Below are the records. Transcribe them exactly.
** Dataset content follows **
(* Strong completeness: if Γ ⊬ φ, then Γ ∪ {¬φ} is consistent and holds at
   a state of the serial canonical model. *)
Lemma strong_completeness (Gamma : F -> Prop) (phi : F) :
  serial_consequence P Gamma phi -> derives Gamma phi.
Proof.
  intro H. apply NNPP. intro Hn.
  assert (Hc : consistent (fun f => Gamma f \/ f = Neg phi)).
  { intro Hd. apply deduction in Hd. apply Hn.
    eapply derives_mp; [exact Hd | apply ax_taut; taut]. }
  destruct (lindenbaum _ Hc) as [M [HM Hsub]].
  set (s := exist MCS M HM : cstate).
  assert (Hphi : proj1_sig s phi).
  { apply truth_lemma, H; [exact cmodel_serial|].
    intros a Ha. apply truth_lemma, Hsub. left. exact Ha. }
  apply (proj1 (mcs_neg M HM phi)); [apply Hsub; right; reflexivity | exact Hphi].
Qed.

End Completeness.

Section Soundness.
Variable P : Type.
Variable M : model P.
Notation sat := (sat P M).

Lemma sat_imp s a b : sat s (Imp P a b) <-> (sat s a -> sat s b).
Proof. simpl. split; [intros H Ha; apply NNPP; tauto | tauto]. Qed.

Lemma sat_iff s a b : sat s (Iff P a b) <-> (sat s a <-> sat s b).
Proof. simpl. destruct (classic (sat s a)), (classic (sat s b)); tauto. Qed.

Lemma sat_or s a b : sat s (Or P a b) <-> sat s a \/ sat s b.
Proof. simpl. destruct (classic (sat s a)); tauto. Qed.

(* The truth values of formulas at a state form a Boolean valuation of their
   propositional skeletons, so tautologies hold everywhere. *)
Lemma tautology_valid s f : tautology P f -> sat s f.
Proof.
  intro Ht.
  set (v := fun g => if excluded_middle_informative (sat s g) then true else false).
  assert (Hv : forall g, beval P v g = true <-> sat s g).
  { induction g as [p|a IH|a IHa b IHb|a IH]; simpl;
      try (unfold v; destruct (excluded_middle_informative _); split; intro; auto; discriminate).
    - rewrite <- IH. destruct (beval P v a); simpl; split; intro; try discriminate; tauto.
    - rewrite <- IHa, <- IHb.
      destruct (beval P v a), (beval P v b); simpl; split; intro; try discriminate; tauto. }
  apply Hv, Ht.
Qed.

Lemma dot_of_uniform s b (v : Prop) :
  (forall t, R1 P M s t -> (sat t b <-> v)) -> (forall u, R2 P M s u -> (sat u b <-> v)) ->
  sat s (Dot b).
Proof. intros H1 H2 t u Ht Hu. rewrite (H1 t Ht), (H2 u Hu). reflexivity. Qed.

Lemma uniform_of_dot s a :
  (exists t, R1 P M s t) -> (exists u, R2 P M s u) -> sat s (Dot a) ->
  exists v : Prop, (forall t, R1 P M s t -> (sat t a <-> v)) /\
                   (forall u, R2 P M s u -> (sat u a <-> v)).
Proof.
  intros [t0 Ht0] [u0 Hu0] Ha. exists (sat t0 a). split.
  - intros t Ht. rewrite (Ha t u0 Ht Hu0), (Ha t0 u0 Ht0 Hu0). reflexivity.
  - intros u Hu. symmetry. exact (Ha t0 u Ht0 Hu).
Qed.

Lemma ax_neg_valid s a : sat s (Iff P (Dot a) (Dot (Neg a))).
Proof.
  rewrite sat_iff. simpl.
  split; intros H t u Ht Hu; specialize (H t u Ht Hu); tauto.
Qed.

Lemma ax_and_valid s a b : sat s (Imp P (And (Dot a) (Dot b)) (Dot (And a b))).
Proof.
  rewrite sat_imp. intros [Ha Hb] t u Ht Hu. simpl.
  rewrite (Ha t u Ht Hu), (Hb t u Ht Hu). reflexivity.
Qed.

Lemma ax_or_valid s a b c :
  serial_model P M ->
  sat s (Imp P (Dot a) (Or P (Dot (Or P a b)) (Dot (Or P (Neg a) c)))).
Proof.
  intros [HS1 HS2]. rewrite sat_imp, sat_or. intro Ha.
  destruct (uniform_of_dot s a (HS1 s) (HS2 s) Ha) as [v [H1 H2]].
  destruct (classic v) as [Hv|Hv]; [left | right];
    apply (dot_of_uniform _ _ True); intros x Hx;
    rewrite sat_or; simpl; first [rewrite (H1 x Hx) | rewrite (H2 x Hx)]; tauto.
Qed.

Lemma re_valid a b :
  (forall s, sat s (Iff P a b)) -> forall s, sat s (Iff P (Dot a) (Dot b)).
Proof.
  intros H s. rewrite sat_iff. simpl.
  assert (E : forall x, sat x a <-> sat x b) by (intro x; apply sat_iff, H).
  split; intros Hd t u Ht Hu; [rewrite <- !E | rewrite !E]; apply Hd; assumption.
Qed.

End Soundness.

Lemma thm_valid (P : Type) (p0 : P) f :
  thm P p0 f -> forall M, serial_model P M -> forall s, sat P M s f.
Proof.
  intros H M HM. induction H as [f Ht| |a|a b|a b c|a b _ IHab _ IHa|a b _ IH]; intro s.
  - apply tautology_valid, Ht.
  - simpl. tauto.
  - apply ax_neg_valid.
  - apply ax_and_valid.
  - apply ax_or_valid, HM.
  - apply (sat_imp P M s a b); [apply IHab | apply IHa].
  - apply re_valid, IH.
Qed.

Lemma sat_conj (P : Type) (p0 : P) M s l :
  (forall a, In a l -> sat P M s a) -> sat P M s (conj P p0 l).
Proof.
  induction l as [|x l IH]; intro Hl; simpl.
  - tauto.
  - split; [apply Hl; left; reflexivity | apply IH; intros a Ha; apply Hl; right; exact Ha].
Qed.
** End of Dataset content **
> **Task response**
(* Strong completeness: if Γ ⊬ φ, then Γ ∪ {¬φ} is consistent and holds at
   a state of the serial canonical model. *)
Lemma strong_completeness (Gamma : F -> Prop) (phi : F) :
  serial_consequence P Gamma phi -> derives Gamma phi.
Proof.
  intro H. apply NNPP. intro Hn.
  assert (Hc : consistent (fun f => Gamma f \/ f = Neg phi)).
  { intro Hd. apply deduction in Hd. apply Hn.
    eapply derives_mp; [exact Hd | apply ax_taut; taut]. }
  destruct (lindenbaum _ Hc) as [M [HM Hsub]].
  set (s := exist MCS M HM : cstate).
  assert (Hphi : proj1_sig s phi).
  { apply truth_lemma, H; [exact cmodel_serial|].
    intros a Ha. apply truth_lemma, Hsub. left. exact Ha. }
  apply (proj1 (mcs_neg M HM phi)); [apply Hsub; right; reflexivity | exact Hphi].
Qed.

End Completeness.

Section Soundness.
Variable P : Type.
Variable M : model P.
Notation sat := (sat P M).

Lemma sat_imp s a b : sat s (Imp P a b) <-> (sat s a -> sat s b).
Proof. simpl. split; [intros H Ha; apply NNPP; tauto | tauto]. Qed.

Lemma sat_iff s a b : sat s (Iff P a b) <-> (sat s a <-> sat s b).
Proof. simpl. destruct (classic (sat s a)), (classic (sat s b)); tauto. Qed.

Lemma sat_or s a b : sat s (Or P a b) <-> sat s a \/ sat s b.
Proof. simpl. destruct (classic (sat s a)); tauto. Qed.

(* The truth values of formulas at a state form a Boolean valuation of their
   propositional skeletons, so tautologies hold everywhere. *)
Lemma tautology_valid s f : tautology P f -> sat s f.
Proof.
  intro Ht.
  set (v := fun g => if excluded_middle_informative (sat s g) then true else false).
  assert (Hv : forall g, beval P v g = true <-> sat s g).
  { induction g as [p|a IH|a IHa b IHb|a IH]; simpl;
      try (unfold v; destruct (excluded_middle_informative _); split; intro; auto; discriminate).
    - rewrite <- IH. destruct (beval P v a); simpl; split; intro; try discriminate; tauto.
    - rewrite <- IHa, <- IHb.
      destruct (beval P v a), (beval P v b); simpl; split; intro; try discriminate; tauto. }
  apply Hv, Ht.
Qed.

Lemma dot_of_uniform s b (v : Prop) :
  (forall t, R1 P M s t -> (sat t b <-> v)) -> (forall u, R2 P M s u -> (sat u b <-> v)) ->
  sat s (Dot b).
Proof. intros H1 H2 t u Ht Hu. rewrite (H1 t Ht), (H2 u Hu). reflexivity. Qed.

Lemma uniform_of_dot s a :
  (exists t, R1 P M s t) -> (exists u, R2 P M s u) -> sat s (Dot a) ->
  exists v : Prop, (forall t, R1 P M s t -> (sat t a <-> v)) /\
                   (forall u, R2 P M s u -> (sat u a <-> v)).
Proof.
  intros [t0 Ht0] [u0 Hu0] Ha. exists (sat t0 a). split.
  - intros t Ht. rewrite (Ha t u0 Ht Hu0), (Ha t0 u0 Ht0 Hu0). reflexivity.
  - intros u Hu. symmetry. exact (Ha t0 u Ht0 Hu).
Qed.

Lemma ax_neg_valid s a : sat s (Iff P (Dot a) (Dot (Neg a))).
Proof.
  rewrite sat_iff. simpl.
  split; intros H t u Ht Hu; specialize (H t u Ht Hu); tauto.
Qed.

Lemma ax_and_valid s a b : sat s (Imp P (And (Dot a) (Dot b)) (Dot (And a b))).
Proof.
  rewrite sat_imp. intros [Ha Hb] t u Ht Hu. simpl.
  rewrite (Ha t u Ht Hu), (Hb t u Ht Hu). reflexivity.
Qed.

Lemma ax_or_valid s a b c :
  serial_model P M ->
  sat s (Imp P (Dot a) (Or P (Dot (Or P a b)) (Dot (Or P (Neg a) c)))).
Proof.
  intros [HS1 HS2]. rewrite sat_imp, sat_or. intro Ha.
  destruct (uniform_of_dot s a (HS1 s) (HS2 s) Ha) as [v [H1 H2]].
  destruct (classic v) as [Hv|Hv]; [left | right];
    apply (dot_of_uniform _ _ True); intros x Hx;
    rewrite sat_or; simpl; first [rewrite (H1 x Hx) | rewrite (H2 x Hx)]; tauto.
Qed.

Lemma re_valid a b :
  (forall s, sat s (Iff P a b)) -> forall s, sat s (Iff P (Dot a) (Dot b)).
Proof.
  intros H s. rewrite sat_iff. simpl.
  assert (E : forall x, sat x a <-> sat x b) by (intro x; apply sat_iff, H).
  split; intros Hd t u Ht Hu; [rewrite <- !E | rewrite !E]; apply Hd; assumption.
Qed.

End Soundness.

Lemma thm_valid (P : Type) (p0 : P) f :
  thm P p0 f -> forall M, serial_model P M -> forall s, sat P M s f.
Proof.
  intros H M HM. induction H as [f Ht| |a|a b|a b c|a b _ IHab _ IHa|a b _ IH]; intro s.
  - apply tautology_valid, Ht.
  - simpl. tauto.
  - apply ax_neg_valid.
  - apply ax_and_valid.
  - apply ax_or_valid, HM.
  - apply (sat_imp P M s a b); [apply IHab | apply IHa].
  - apply re_valid, IH.
Qed.

Lemma sat_conj (P : Type) (p0 : P) M s l :
  (forall a, In a l -> sat P M s a) -> sat P M s (conj P p0 l).
Proof.
  induction l as [|x l IH]; intro Hl; simpl.
  - tauto.
  - split; [apply Hl; left; reflexivity | apply IH; intros a Ha; apply Hl; right; exact Ha].
Qed.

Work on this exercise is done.